Once the U.S. and our allies stop trying to overthrow the Syrian government of Assad, then we can immediately focus our efforts one-pointedly on defeating ISIS, al-Qaeda, and the other terrorist organizations in a coordinated, cooperative fashion with Russia, the Syrian government, the Kurds, Sunni tribes, France, and the UK.

3. There must be a political solution.

We must encourage and support the creation of semi-autonomous regions in the areas now called Syria and Iraq so that the various sects—the Sunnis, Shiites, and Kurds—are able to take care of their own governance and security. The dominance and persecution of one sect over another in Iraq is part of what allows ISIS and other Islamist organizations to gain a foothold there. As a result, arriving at a political solution that minimizes sectarian conflict is key to preventing ISIS and other terrorist organizations from continuing to spread and grow.

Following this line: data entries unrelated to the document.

Lemma Gobj'_neg m u : 0 < m -> 0 < u <= ulow g -> Gobj' m g u < 0.
Proof.
  intros hm hu. pose proof ln2_pos. pose proof (exp_pos (- (m * u))).
  assert (ht : alpha g <= exp (- u)) by (rewrite <- exp_neg_ulow; apply exp_le_exp; lra).
  pose proof (slopeA_nonpos _ (conj ht (exp_neg_lt1 u ltac:(lra)))).
  assert (0 < exp (- (m * u)) / (1 + exp (- (m * u)))) by (apply Rdiv_lt_0_compat; lra).
  assert (Apart' g u + Bpart' (m * u) < 0).
  { unfold Apart', Bpart', Rdiv in *.
    assert (0 < / ln 2) by (apply Rinv_0_lt_compat; lra). nra. }
  unfold Gobj'. nra.
Qed.

(* For m >= 2, e^(-m u) <= t^2 with t = e^-u; this is where the hypothesis m >= 2 enters. *)
Lemma Gobj'_nonneg m u : 2 <= m -> ustar g <= u -> 0 <= Gobj' m g u.
Proof.
  intros hm hu. pose proof ln2_pos. pose proof ulow_range.
  assert (ht : exp (- u) <= tstar g) by (rewrite <- exp_neg_ustar; apply exp_le_exp; lra).
  pose proof (exp_pos (- u)). pose proof (exp_pos (- (m * u))).
  assert (he : exp (- (m * u)) <= exp (- u) * exp (- u)).
  { rewrite <- exp_plus. apply exp_le_exp. nra. }
  set (t := exp (- u)) in *. set (e := exp (- (m * u))) in *.
  pose proof (slopeA_ge t ltac:(lra)).
  assert (e / (1 + e) <= t * t / (1 + t * t)).
  { apply Rmult_le_reg_r with ((1 + e) * (1 + t * t)); [nra|]. field_simplify; nra. }
  assert (0 <= Apart' g u + Bpart' (m * u)).
  { unfold Apart', Bpart'. fold t e.
    replace (slopeA g t / ln 2 + - (e / (1 + e)) / ln 2) with ((slopeA g t - e / (1 + e)) / ln 2)
      by (field; lra).
    apply Rdiv_le_0_compat; lra. }
  unfold Gobj'. nra.
Qed.

(* [Gobj m g] decreases on (0, ulow] and increases on [ustar, oo), so its minimum over
   the compact [ulow, ustar] is global. *)
Lemma Gobj_min_exists m : 2 <= m ->
  exists um, 0 < um <= ustar g /\ forall u, 0 < u -> Gobj m g um <= Gobj m g u.
Proof.
  intro hm. pose proof ulow_range as hu.
  destruct (continuity_ab_min (Gobj m g) (ulow g) (ustar g)) as [um [hmin hr]]; [lra| |].
  { intros c hc. apply derivable_continuous_pt. exists (Gobj' m g c).
    apply is_derive_Reals, is_derive_Gobj. lra. }
  exists um. split; [lra|]. intros u hu0.
  destruct (Rlt_or_le u (ulow g)) as [h1|h1]; [|destruct (Rle_or_lt u (ustar g)) as [h2|h2]].
  - assert (Gobj m g (ulow g) <= Gobj m g u).
    { apply (le_of_derive_nonpos _ (Gobj' m g)); [lra| |].
      - intros c hc. apply is_derive_Gobj. lra.
      - intros c hc. left. apply Gobj'_neg; lra. }
    assert (Gobj m g um <= Gobj m g (ulow g)) by (apply hmin; lra). lra.
  - apply hmin. lra.
  - assert (Gobj m g (ustar g) <= Gobj m g u).
    { apply (le_of_derive_nonneg _ (Gobj' m g)); [lra| |].
      - intros c hc. apply is_derive_Gobj. lra.
      - intros c hc. apply Gobj'_nonneg; lra. }
    assert (Gobj m g um <= Gobj m g (ustar g)) by (apply hmin; lra). lra.
Qed.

4. We must defeat ISIS and other Islamist militants ideologically.

In order to defeat the enemy, we need to clearly identify them. We must defeat them in the ideological war, not just on the battlefield. In order to defeat their ideology, we need to recognize what their ideology is.

The ideology that inspires those fighting for ISIS, al-Qaeda, al-Nusra and other jihadist organizations is loosely referred to as “Islamism” and can be more specifically identified as Wahhabism. It is the ideology promoted and spread primarily by Saudi Arabia teaching that anyone who does not accept that particular interpretation of Islam must be converted, killed, or in other ways punished. On the Islamists’ list of those who must be killed or punished are Christians, Hindus, Buddhists, atheists, and followers of other Muslim sects such as Shias, Sufis, and non-Wahhabist Sunnis.

This radical Wahhabist ideology attracts and motivates recruits who are taught that killing “non-believers” is a religious obligation and that any martyr who dies while killing non-believers will be rewarded in heaven.

The United States must use its leverage to pressure Saudi Arabia to stop spreading the Wahhabist extremist ideology through schools and mosques around the world, including in the U.S. We must stop arms sales and any other assistance to Saudi Arabia or other Gulf States involved in promoting and financing this jihadist ideology.

The U.S. must stop treating as “allies” countries that are promoting the Wahhabist ideology that is at the root of so much suffering worldwide.

By calling organizations like ISIS and al-Qaeda Islamic or Islamist extremists, we are making a distinction between the vast majority of Muslims who are not extremists and a handful of those who are extremists. This is the best way to show our respect to peaceful Muslims around the world.

Tulsi's position was recently confirmed by a well-respected Muslim activist in Pakistan:

Congresswoman Gabbard is absolutely on the mark in presenting an outline of a policy that should clearly identify Salafi-Wahhabi and Deobandi ideology as the ideology of hate and terror, worse than even Nazism, because it is much more violent. It will also ease the pressure on the common Muslims who can publicly disassociate themselves from these cults. The clear identification of terrorist ideology will actually be a blessing for ordinary Muslims who will whole heartedly join government efforts in rooting out this violent and hateful ideology from the country, and hopefully, the world.